An advantage for magnetic resonance, ultrasound and digital imaging is provided
by the function without radiation, while especially the “spiral computer tomography” is characterized by a very high speed of analysis. The muscle metabolism of the defect allele carriers at the RyR1 locus Nn and nn
shows already in vivo stress associated deviations in comparison to the “normal” genotype NN. After generating muscle stress by halothane, defect genotypes react with a decline in the glycogen, phosphocreatine, ATP, and pH level. Parallel inorganic phosphate and body temperature increase significantly. In the average show the homozygous defect allele carriers a stronger metabolic distress than do the heterozygous carriers. Differences among genotypes are higher post mortem compared to the metabolism in vivo. The muscle metabolic distress is connected with a muscle fiber hypertrophy in both defect allele genotypes.

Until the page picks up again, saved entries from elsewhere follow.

Lemma max1X_le_cv (lc : L) (alpha : seq L) (d : nat) :
  (0 < d)%N -> lc != 0 -> size alpha = d ->
  let A := \big[Num.max/0]_(a <- alpha) av a in
  let B := av lc `^ (- (d%:R)^-1) in
  1 <= cv A B /\ forall y, Num.max 1 (av y) ^+ d
    <= cv A B ^+ d * Num.max 1 (av (lc *: \prod_(a <- alpha) ('X - a%:P)).[y]).
Proof.
move=> d0 lc_neq0 size_alpha A B; subst d.
have c1 : 1 <= cv A B by rewrite /cv; case: ifP => _; apply: max1_ge1.
split => //.
have roots_le a : a \in alpha -> av a <= A by move=> ha; apply: le_bigmax_seq.
have A0 : 0 <= A by rewrite /A; elim/big_rec: _ => // a z _ h; rewrite le_max h orbT.
have B0 : 0 <= B by apply: powR_ge0.
apply: (max1X_le_horner_factored (B := B) hav) => //.
  by rewrite /B powR_oppV_exprnK ?(av_gt0 hav).
rewrite /cv; case: asboolP => [na|_].
  by apply: (roots_separated_nonarch hav roots_le (nonarch_rmorph hav na)); rewrite ?le_max ?lexx ?orbT.
by apply: (roots_separated_arch hav roots_le); rewrite ?max1_ge.
Qed.

End Constants.
(* Let $k\ge 1$ and $r\ge 2$ be integers and let $d_1\ge d_2\ge\cdots\ge d_k$ be positive integers. Then for all sufficiently large $n$, $$ex^{lin}_r\Big(n,\bigcup_{i=1}^k S^+_{d_i}\Big)\le \max_{1\le i\le k}\left\{\Big(\frac{d_i-1}{r}+\frac{i-1}{r-1}\Big)(n-i+1)+\frac{\binom{i-1}{2}}{\binom{r}{2}}\right\}.$$ Moreover, this bound is sharp asymptotically.
   Context: An $r$-uniform hypergraph is linear if every two of its hyperedges share at most one vertex. For a linear $r$-uniform hypergraph $F$, $ex^{lin}_r(n,F)$ is the maximum number of hyperedges in an $n$-vertex $r$-uniform linear hypergraph containing no copy of $F$ as a subhypergraph. $S_\ell$ denotes the star $K_{1,\ell}$ with $\ell$ edges. For a graph $F$ and $r\ge 2$, the expansion $F^+$ is the $r$-uniform hypergraph obtained from $F$ by adding $r-2$ new vertices to each edge, all added vertices being distinct. $\bigcup_{i=1}^k S^+_{d_i}$ denotes the vertex-disjoint union of $S^+_{d_1},\dots,S^+_{d_k}$. *)

From mathcomp Require Import all_boot all_order all_algebra.
Set Implicit Arguments. Unset Strict Implicit. Unset Printing Implicit Defensive.
Import Order.TTheory GRing.Theory Num.Theory.

Definition uniform (V : finType) (r : nat) (H : {set {set V}}) : bool :=
  [forall e in H, #|e| == r].

Definition linear (V : finType) (H : {set {set V}}) : bool :=
  [forall e in H, forall f in H, (e != f) ==> (#|e :&: f| <= 1)].

Definition contains_copy (V W : finType) (F : {set {set V}}) (H : {set {set W}}) : bool :=
  [exists f : {ffun V -> W}, injectiveb f && [forall e in F, (f @: e) \in H]].

Definition ex_lin (r n : nat) (V : finType) (F : {set {set V}}) : nat :=
  \max_(H : {set {set 'I_n}} | [&& uniform r H, linear H & ~~ contains_copy F H]) #|H|.

(* Vertex type of the disjoint union of expanded stars S^+_{d_i}, i < k:
   component i has a center (None) and, for each of its d i edges j, the r-1
   non-center vertices (Some (j,t)), t < r-1 (the leaf plus r-2 new vertices). *)
Definition star_vert (k r : nat) (d : 'I_k -> nat) : finType :=
  {i : 'I_k & option ('I_(d i) * 'I_(r.-1))}.

Definition star_edge (k r : nat) (d : 'I_k -> nat) (i : 'I_k) (j : 'I_(d i))
  : {set star_vert r d} :=
  [set @Tagged _ i (fun i => option ('I_(d i) * 'I_(r.-1))) None] :|:
  [set @Tagged _ i (fun i => option ('I_(d i) * 'I_(r.-1))) (Some (j, t)) | t : 'I_(r.-1)].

During growth, the homozygous defect allele genotype deposits more muscle mass (volume) and less fat than does the heterozygous genotype followed by the homozygous normal genotype.
Already at a live body weight of about 10 kg, magnetic resonance imaging
provides evidence for a larger muscle volume in the homozygous defect genotype in comparison to the two other genotypes. Beside the studied RyR1 genotypes (and the RN—-allel especially present in Hampshire), a large number of genetic, morphologic and environmental factors influence muscle metabolism and body composition in Swine -- as described in the discussion part. The RN—-allel causes a reduced glycogen depletion in vivo (and post mortem). Corresponding, the Hampshire line (≥ 50 % Hampshire genes) is beside the US-Landrace and the synthetic line “Duroc x Hampshire x US-Landrace x Spotted x Yorkshire” less obese than are the lines Duroc, “Poland China x Landrace”, Spotted, and “Duroc x Minzhu”. Spotted and “Duroc x Minzhu” are the most obese lines. In addition comparing all lines, Spotted (all Nn) responses --unexpectedly -- most severely to (muscle) stress caused by halothane administration.